— WORK REQUIRED —
First find the line with "is_frac w k x /\" in the entries below, then set down exactly every line through the line with "R^j_1..R^j_q are i.i.d.", that line included.

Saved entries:
(* In the setting described in the context, for every $j\in[\varepsilon^{-1}-1]$ and every $i\in I$ it holds that $\lambda^j_i\le1$ and $\gamma^j_i\le1$.
   Context: A CMK instance is $\mathcal{I}=(I,w,v,m,k)$ with $I$ a finite item set, $w:I\to[0,1]$, $v:I\to\mathbb{R}_{\ge0}$, $m,k\in\mathbb{N}_{>0}$. A configuration is $C\subseteq I$ with $|C|\le k$ and $\sum_{i\in C}w(i)\le1$; $\mathcal{C}$ is the set of configurations and $\mathcal{C}(i)=\{C\in\mathcal{C}:i\in C\}$. A solution is a tuple of $m$ configurations, with value $v$ of their union; $\mathrm{OPT}(\mathcal{I})$ is the maximum value. A fractional solution is $x\in\mathbb{R}_{\ge0}^{\mathcal{C}}$, with $\mathrm{cover}_i(x)=\sum_{C\in\mathcal{C}(i)}x_C$, $\|x\|=\sum_Cx_C$; it is feasible if $\mathrm{cover}(x)\in[0,1]^I$; for $y\in\mathbb{R}^I$, $v(y)=\sum_iy_iv(i)$, and $v(x)=v(\mathrm{cover}(x))$. For $S\subseteq I$ and $\ell\in\mathbb{N}$, $\mathrm{LP}(S,\ell)$ is: maximize $v(x)$ over feasible fractional solutions $x$ with $x_C=0$ whenever $C\not\subseteq S$, and $\|x\|=\ell$. For $\|x\|\ne0$, a random configuration $R$ is distributed by $x$ ($R\sim x$) if $\Pr(R=C)=x_C/\|x\|$. Given $\varepsilon\in(0,0.1)$, $\mathcal{I}$ is $\varepsilon$-simple if $m>\exp(\exp(\varepsilon^{-30}))$ and $\varepsilon m\in\mathbb{N}$. Iterative randomized rounding: let $\varepsilon\in(0,0.1)$ with $\varepsilon^{-1/2}\in\mathbb{N}$ and $\mathcal{I}$ be $\varepsilon$-simple; let $q=\varepsilon m$ and $S_0=I$. For $j=1,\dots,\varepsilon^{-1}$: let $m_j=m(1-(j-1)\varepsilon)$; let $x^j$ be a $(1-\varepsilon)$-approximate solution of $\mathrm{LP}(S_{j-1},m_j)$ (a feasible solution of value at least $(1-\varepsilon)$ times its optimum), determined by the outcomes of the samples of previous iterations; sample independently $R^j_1,\dots,R^j_q\sim x^j$; set $S_j=S_{j-1}\setminus\bigcup_{b=1}^qR^j_b$. Let $\mathcal{F}_0$ be the trivial $\sigma$-algebra and $\mathcal{F}_j$ the $\sigma$-algebra generated by $\{R^{j'}_b: j'\le j,\ b\in[q]\}$. Fix an optimal solution $(C^*_1,\dots,C^*_m)$ and let $S^*=\bigcup_bC^*_b$ (so $v(S^* )=\mathrm{OPT}(\mathcal{I})$). Define $\gamma^0=\mathbb{1}_{S^*}\in\{0,1\}^I$ (indicator vector of $S^*$). For $j=1,\dots,\varepsilon^{-1}-1$ define $\lambda^j\in\mathbb{R}^I_{\ge0}$ by $\lambda^j_i=\frac{1-j\varepsilon}{1-(j-1)\varepsilon}\cdot\frac{1}{\Pr(i\in S_j\mid\mathcal{F}_{j-1})}\cdot\gamma^{j-1}_i$ for $i\in S_{j-1}$ (this conditional probability is positive for such $i$) and $\lambda^j_i=0$ for $i\notin S_{j-1}$; and define $\gamma^j_i=\mathbb{1}_{i\in S_j}\cdot\lambda^j_i$ for all $i\in I$. *)

From mathcomp Require Import all_boot all_order all_algebra.
From mathcomp Require Import reals sequences.
Set Implicit Arguments. Unset Strict Implicit. Unset Printing Implicit Defensive.
Import Order.TTheory GRing.Theory Num.Theory.
Local Open Scope ring_scope.

Section CMK.
Variables (R : realType) (I : finType).

Definition config (w : I -> R) (k : nat) (C : {set I}) : bool :=
  (#|C| <= k)%N && (\sum_(i in C) w i <= 1).

(* a fractional solution is a vector indexed by configurations; we represent it
   as a function on all subsets that vanishes outside configurations *)
Definition cover (w : I -> R) (k : nat) (x : {set I} -> R) (i : I) : R :=
  \sum_(C : {set I} | config w k C && (i \in C)) x C.

Definition fnorm (w : I -> R) (k : nat) (x : {set I} -> R) : R :=
  \sum_(C : {set I} | config w k C) x C.

Definition vvec (v : I -> R) (y : I -> R) : R := \sum_i y i * v i.
Definition vset (v : I -> R) (S : {set I}) : R := \sum_(i in S) v i.
Definition vfrac (w v : I -> R) (k : nat) (x : {set I} -> R) : R :=
  vvec v (cover w k x).

Definition is_frac (w : I -> R) (k : nat) (x : {set I} -> R) : Prop :=
  (forall C : {set I}, ~~ config w k C -> x C = 0) /\ (forall C : {set I}, 0 <= x C).

Definition feasible (w : I -> R) (k : nat) (x : {set I} -> R) : Prop :=
  is_frac w k x /\ (forall i, 0 <= cover w k x i <= 1).

Definition LP_feas (w : I -> R) (k : nat) (S : {set I}) (l : R)
  (x : {set I} -> R) : Prop :=
  feasible w k x /\ (forall C : {set I}, ~~ (C \subset S) -> x C = 0) /\ fnorm w k x = l.

Definition LP_approx (w v : I -> R) (k : nat) (eps : R) (S : {set I}) (l : R)
  (x : {set I} -> R) : Prop :=
  LP_feas w k S l x /\
  forall y, LP_feas w k S l y -> (1 - eps) * vfrac w v k y <= vfrac w v k x.

(* outcomes: omega j b = R^j_b (iteration j >= 1, sample b < q) *)
Fixpoint Sset (q : nat) (omega : nat -> 'I_q -> {set I}) (j : nat) : {set I} :=
  match j with
  | 0 => setT
  | j'.+1 => Sset omega j' :\: \bigcup_(b < q) omega j'.+1 b
  end.

(* Pr(i \in S_j | F_{j-1}) at outcome omega: S_{j-1} is F_{j-1}-measurable and
   R^j_1..R^j_q are i.i.d. ~ x^j (x^j determined by the past) *)
Definition condP (w : I -> R) (k q : nat)
  (xpol : nat -> (nat -> 'I_q -> {set I}) -> {set I} -> R)
  (omega : nat -> 'I_q -> {set I}) (j : nat) (i : I) : R :=
  let x := xpol j omega in
  \sum_(t : {ffun 'I_q -> {set I}})
     (\prod_(b < q) (x (t b) / fnorm w k x)) *
     (i \in Sset omega j.-1 :\: \bigcup_(b < q) t b)%:R.

Definition lamstep (w : I -> R) (k q : nat) (eps : R)
  (xpol : nat -> (nat -> 'I_q -> {set I}) -> {set I} -> R)
  (j : nat) (g : I -> R) (omega : nat -> 'I_q -> {set I}) (i : I) : R :=
  if i \in Sset omega j.-1 then
    (1 - j%:R * eps) / (1 - (j.-1)%:R * eps) / condP w k xpol omega j i * g i
  else 0.

Fixpoint gam (w : I -> R) (k q : nat) (eps : R)
  (xpol : nat -> (nat -> 'I_q -> {set I}) -> {set I} -> R)
  (Sstar : {set I}) (j : nat) (omega : nat -> 'I_q -> {set I}) (i : I) : R :=
  match j with
  | 0 => (i \in Sstar)%:R
  | j'.+1 => (i \in Sset omega j'.+1)%:R *
             lamstep w k eps xpol j'.+1 (gam w k eps xpol Sstar j' omega) omega i
  end.

Definition lam (w : I -> R) (k q : nat) (eps : R)
  (xpol : nat -> (nat -> 'I_q -> {set I}) -> {set I} -> R)
  (Sstar : {set I}) (j : nat) (omega : nat -> 'I_q -> {set I}) (i : I) : R :=
  match j with
  | 0 => 0
  | j'.+1 => lamstep w k eps xpol j'.+1 (gam w k eps xpol Sstar j' omega) omega i
  end.

End CMK.

From Pilot Require Import Defs.
From mathcomp Require Import all_boot all_order all_algebra.
From mathcomp Require Import reals sequences.
From mathcomp Require Import ring lra zify.
Import Order.TTheory GRing.Theory Num.Theory.
Local Open Scope ring_scope.
Set Implicit Arguments. Unset Strict Implicit.

(* Since gamma^j_i = [i \in S_j] * lambda^j_i and
   lambda^j_i = r_j / Pr(i \in S_j | F_(j-1)) * gamma^(j-1)_i with the
   shrinking factor r_j = (1 - j eps) / (1 - (j-1) eps), an induction on j
   reduces everything to the single estimate 0 < r_j <= Pr(i \in S_j | F_(j-1)).
   For a fractional solution x of norm F, [i] survives q independent samples
   from x with probability (1 - cover_i(x) / F)^q >= 1 - q / F by Bernoulli's
   inequality and cover_i(x) <= 1; for x = x^j we have q = eps m and
   F = m (1 - (j-1) eps), so 1 - q / F is exactly r_j. *)

Lemma bernoulli_ineq (R : realFieldType) (c : R) (n : nat) :
  c <= 1 -> 1 - n%:R * c <= (1 - c) ^+ n.
Proof.
move=> c_le1; elim: n => [|n IHn]; first by rewrite mul0r subr0 expr0.
have step : (1 - c) * (1 - n%:R * c) <= (1 - c) ^+ n.+1.
  by rewrite exprS; apply: ler_wpM2l; lra.
apply: le_trans step; rewrite -natr1.
have : 0 <= n%:R * (c * c) :> R by rewrite mulr_ge0 // -expr2 sqr_ge0.
nra.
Qed.

Section FractionalSolution.
Variables (R : realType) (I : finType) (w : I -> R) (k : nat).
Variable x : {set I} -> R.
Hypothesis x_frac : is_frac w k x.

Lemma sum_frac_all : \sum_C x C = fnorm w k x.
Proof.
rewrite /fnorm (bigID (config w k)) /= [X in _ + X]big1 ?addr0 //.
by move=> C /x_frac.1.
Qed.

Lemma sum_frac_mem (i : I) : \sum_C x C * (i \in C)%:R = Defs.cover w k x i.
Proof.
rewrite /Defs.cover [RHS]big_mkcond /=; apply: eq_bigr => C _.
case: (boolP (config w k C)) => [_|/x_frac.1 ->]; last by rewrite mul0r; case: (i \in C).
by case: (i \in C); rewrite ?mulr1 ?mulr0.
Qed.

Lemma sum_frac_avoid (i : I) :
  \sum_C x C * (i \notin C)%:R = fnorm w k x - Defs.cover w k x i.
Proof.
rewrite -sum_frac_all -sum_frac_mem -sumrB; apply: eq_bigr => C _.
by case: (i \in C); rewrite /= ?mulr0 ?mulr1 ?subr0 ?subrr.
Qed.

Lemma cover_le_fnorm (i : I) : Defs.cover w k x i <= fnorm w k x.
Proof.
rewrite -subr_ge0 -sum_frac_avoid; apply: sumr_ge0 => C _.
by rewrite mulr_ge0 ?x_frac.2.
Qed.

Lemma condP_closed (q : nat) (xpol : nat -> (nat -> 'I_q -> {set I}) -> {set I} -> R)
    (omega : nat -> 'I_q -> {set I}) (j : nat) (i : I) :
  xpol j omega = x -> i \in Sset omega j.-1 ->
  condP w k xpol omega j i = ((fnorm w k x - Defs.cover w k x i) / fnorm w k x) ^+ q.
Proof.
move=> x_j i_alive; rewrite /condP x_j -sum_frac_avoid big_distrl /=.
rewrite -[q in _ ^+ q]card_ord -prodr_const bigA_distr_bigA /=.
apply: eq_bigr => t _; rewrite in_setD i_alive andbT.
case: (boolP (i \in \bigcup_(b < q) t b)) => [/bigcupP[b _ i_tb] | i_avoid] /=.
  by rewrite mulr0 (bigD1 b) //= i_tb /= mulr0 !mul0r.
rewrite mulr1; apply: eq_bigr => b _.
have -> : i \notin t b by apply: contra i_avoid => i_tb; apply/bigcupP; exists b.
by rewrite mulr1.
Qed.

Lemma condP_ge (q : nat) (xpol : nat -> (nat -> 'I_q -> {set I}) -> {set I} -> R)
    (omega : nat -> 'I_q -> {set I}) (j : nat) (i : I) :
  (forall i, Defs.cover w k x i <= 1) -> 0 < fnorm w k x ->
  xpol j omega = x -> i \in Sset omega j.-1 ->
  1 - q%:R / fnorm w k x <= condP w k xpol omega j i.
Proof.
move=> cover_le1 F_gt0 x_j i_alive; rewrite (condP_closed x_j i_alive).
set F := fnorm w k x; set c := Defs.cover w k x i.
have c_ge0 : 0 <= c by apply: sumr_ge0 => C _; exact: x_frac.2.
have -> : (F - c) / F = 1 - c / F by rewrite mulrBl mulfV ?gt_eqF.
have cF_le1 : c / F <= 1 by rewrite ler_pdivrMr // mul1r cover_le_fnorm.
apply: le_trans (bernoulli_ineq q cF_le1).
have qc_le_q : q%:R * c <= q%:R by apply: ler_piMr; [exact: ler0n | exact: cover_le1].
have Finv_ge0 : 0 <= F^-1 by rewrite invr_ge0 ltW.
rewrite mulrA; have := ler_wpM2r Finv_ge0 qc_le_q; lra.
Qed.

End FractionalSolution.

Lemma lamstep_le1 (R : realType) (I : finType) (w : I -> R) (k q : nat) (eps : R)
    (xpol : nat -> (nat -> 'I_q -> {set I}) -> {set I} -> R) (j : nat)
    (g : I -> R) (omega : nat -> 'I_q -> {set I}) (i : I) :
  (forall i, i \in Sset omega j.-1 ->
     0 < (1 - j%:R * eps) / (1 - (j.-1)%:R * eps) <= condP w k xpol omega j i) ->
  g i <= 1 -> lamstep w k eps xpol j g omega i <= 1.
Proof.
move=> shrink_le g_le1; rewrite /lamstep; case: ifP => [i_alive|_]; last exact: ler01.
have /andP[r_gt0 r_le] := shrink_le i i_alive.
have c_gt0 := lt_le_trans r_gt0 r_le.
set f := _ / _ / condP _ _ _ _ _ _.
have f_ge0 : 0 <= f by rewrite divr_ge0 ?ltW.
have f_le1 : f <= 1 by rewrite ler_pdivrMr // mul1r.
nra.
Qed.

Section IterativeRounding.
Variables (R : realType) (I : finType) (w v : I -> R) (m k : nat) (eps : R) (N q : nat)
  (xpol : nat -> (nat -> 'I_q -> {set I}) -> {set I} -> R).
Hypotheses (m_gt0 : (0 < m)%N) (eps_gt0 : 0 < eps)
  (N2_eq : (N ^ 2)%:R = eps^-1 :> R) (q_eq : q%:R = eps * m%:R).
Hypothesis x_approx : forall j (omega : nat -> 'I_q -> {set I}), (1 <= j <= N ^ 2)%N ->
  LP_approx w v k eps (Sset omega j.-1) (m%:R * (1 - (j.-1)%:R * eps)) (xpol j omega).

Lemma budget_lt1 (j : nat) : (j < N ^ 2)%N -> j%:R * eps < 1.
Proof.
move=> j_lt; have : j%:R < eps^-1 by rewrite -N2_eq ltr_nat.
by rewrite -(ltr_pM2r eps_gt0) mulVf ?gt_eqF.
Qed.

(* Key estimate: in iteration [j] the factor (1 - j eps) / (1 - (j-1) eps)
   equals [1 - q / ||x^j||], hence is dominated by the survival probability. *)
Lemma shrink_le_condP (j : nat) (omega : nat -> 'I_q -> {set I}) (i : I) :
  (1 <= j < N ^ 2)%N -> i \in Sset omega j.-1 ->
  0 < (1 - j%:R * eps) / (1 - (j.-1)%:R * eps) <= condP w k xpol omega j i.
Proof.
case/andP=> j_ge1 j_lt i_alive.
have j_eq : j%:R = (j.-1)%:R + 1 :> R by rewrite natr1 prednK.
have := budget_lt1 j_lt; rewrite j_eq => budget.
set a := (j.-1)%:R : R in j_eq budget *.
have a_ge0 : 0 <= a by rewrite ler0n.
have rest_gt0 : 0 < 1 - a * eps by nra.
have m_pos : 0 < m%:R :> R by rewrite ltr0n.
have j_range : (1 <= j <= N ^ 2)%N by rewrite j_ge1 ltnW.
have [[[x_frac x_cover] [_ x_norm]] _] := x_approx omega j_range.
have F_gt0 : 0 < fnorm w k (xpol j omega) by rewrite x_norm mulr_gt0.
have cover_le1 i' : Defs.cover w k (xpol j omega) i' <= 1 by case/andP: (x_cover i').
have := condP_ge x_frac cover_le1 F_gt0 (erefl _) i_alive.
rewrite x_norm q_eq.
have -> : 1 - eps * m%:R / (m%:R * (1 - a * eps)) = (1 - (a + 1) * eps) / (1 - a * eps).
  by field; rewrite !gt_eqF.
move=> r_le; apply/andP; split => //; apply: divr_gt0 => //; lra.
Qed.

Lemma gam_le1 (Sstar : {set I}) (j : nat) (omega : nat -> 'I_q -> {set I}) (i : I) :
  (j < N ^ 2)%N -> gam w k eps xpol Sstar j omega i <= 1.
Proof.
elim: j i => [|j IHj] i j_lt /=; first by case: (i \in Sstar); rewrite ?ler01.
case: (i \in Sset omega j.+1); rewrite ?mul0r ?ler01 // mul1r.
apply: lamstep_le1 => [i' i_alive|]; last by apply: IHj; rewrite ltnW.
exact: shrink_le_condP.
Qed.

Lemma lam_le1 (Sstar : {set I}) (j : nat) (omega : nat -> 'I_q -> {set I}) (i : I) :
  (1 <= j < N ^ 2)%N -> lam w k eps xpol Sstar j omega i <= 1.
Proof.
case: j => [//|j] /= j_lt.
apply: lamstep_le1 => [i' i_alive|]; last by apply: gam_le1; rewrite ltnW.
exact: shrink_le_condP.
Qed.

End IterativeRounding.

Unset Implicit Arguments.
Theorem lemma4p6 (R : realType) (I : finType) (w v : I -> R) (m k : nat)
  (eps : R) (N q : nat)
  (Cstar : 'I_m -> {set I})
  (xpol : nat -> (nat -> 'I_q -> {set I}) -> {set I} -> R) :
  (forall i, 0 <= w i <= 1) ->
  (forall i, 0 <= v i) ->
  (0 < m)%N -> (0 < k)%N ->
  0 < eps < 1 / 10 ->
  Num.sqrt (eps^-1) = N%:R ->
  expR (expR (eps ^- 30)) < m%:R ->
  q%:R = eps * m%:R ->
  (forall b, config w k (Cstar b)) ->
  (forall D : 'I_m -> {set I}, (forall b, config w k (D b)) ->
     vset v (\bigcup_(b < m) D b) <= vset v (\bigcup_(b < m) Cstar b)) ->
  (forall j (omega omega' : nat -> 'I_q -> {set I}),
     (forall j', (j' < j)%N -> omega j' = omega' j') ->
     xpol j omega = xpol j omega') ->
  (forall j (omega : nat -> 'I_q -> {set I}), (1 <= j <= N ^ 2)%N ->
     LP_approx w v k eps (Sset omega j.-1) (m%:R * (1 - (j.-1)%:R * eps))
       (xpol j omega)) ->
  forall j, (1 <= j <= N ^ 2 - 1)%N ->
  forall (omega : nat -> 'I_q -> {set I}) (i : I),
    lam w k eps xpol (\bigcup_(b < m) Cstar b) j omega i <= 1 /\
    gam w k eps xpol (\bigcup_(b < m) Cstar b) j omega i <= 1.
Proof.
move=> _ _ m_gt0 _ /andP[eps_gt0 _] sqrt_eq _ q_eq _ _ _ x_approx j /andP[j_ge1 j_le] omega i.
have N2_eq : (N ^ 2)%:R = eps^-1 :> R.
  by rewrite natrX -sqrt_eq sqr_sqrtr // invr_ge0 ltW.
have j_lt : (j < N ^ 2)%N.
  by move: j_ge1 j_le; lia.
split.
- by apply: (lam_le1 m_gt0 eps_gt0 N2_eq q_eq x_approx); rewrite j_ge1.
- exact: (gam_le1 m_gt0 eps_gt0 N2_eq q_eq x_approx).
Qed.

— YOUR SOLUTION —
  is_frac w k x /\ (forall i, 0 <= cover w k x i <= 1).

Definition LP_feas (w : I -> R) (k : nat) (S : {set I}) (l : R)
  (x : {set I} -> R) : Prop :=
  feasible w k x /\ (forall C : {set I}, ~~ (C \subset S) -> x C = 0) /\ fnorm w k x = l.

Definition LP_approx (w v : I -> R) (k : nat) (eps : R) (S : {set I}) (l : R)
  (x : {set I} -> R) : Prop :=
  LP_feas w k S l x /\
  forall y, LP_feas w k S l y -> (1 - eps) * vfrac w v k y <= vfrac w v k x.

(* outcomes: omega j b = R^j_b (iteration j >= 1, sample b < q) *)
Fixpoint Sset (q : nat) (omega : nat -> 'I_q -> {set I}) (j : nat) : {set I} :=
  match j with
  | 0 => setT
  | j'.+1 => Sset omega j' :\: \bigcup_(b < q) omega j'.+1 b
  end.

(* Pr(i \in S_j | F_{j-1}) at outcome omega: S_{j-1} is F_{j-1}-measurable and
   R^j_1..R^j_q are i.i.d. ~ x^j (x^j determined by the past) *)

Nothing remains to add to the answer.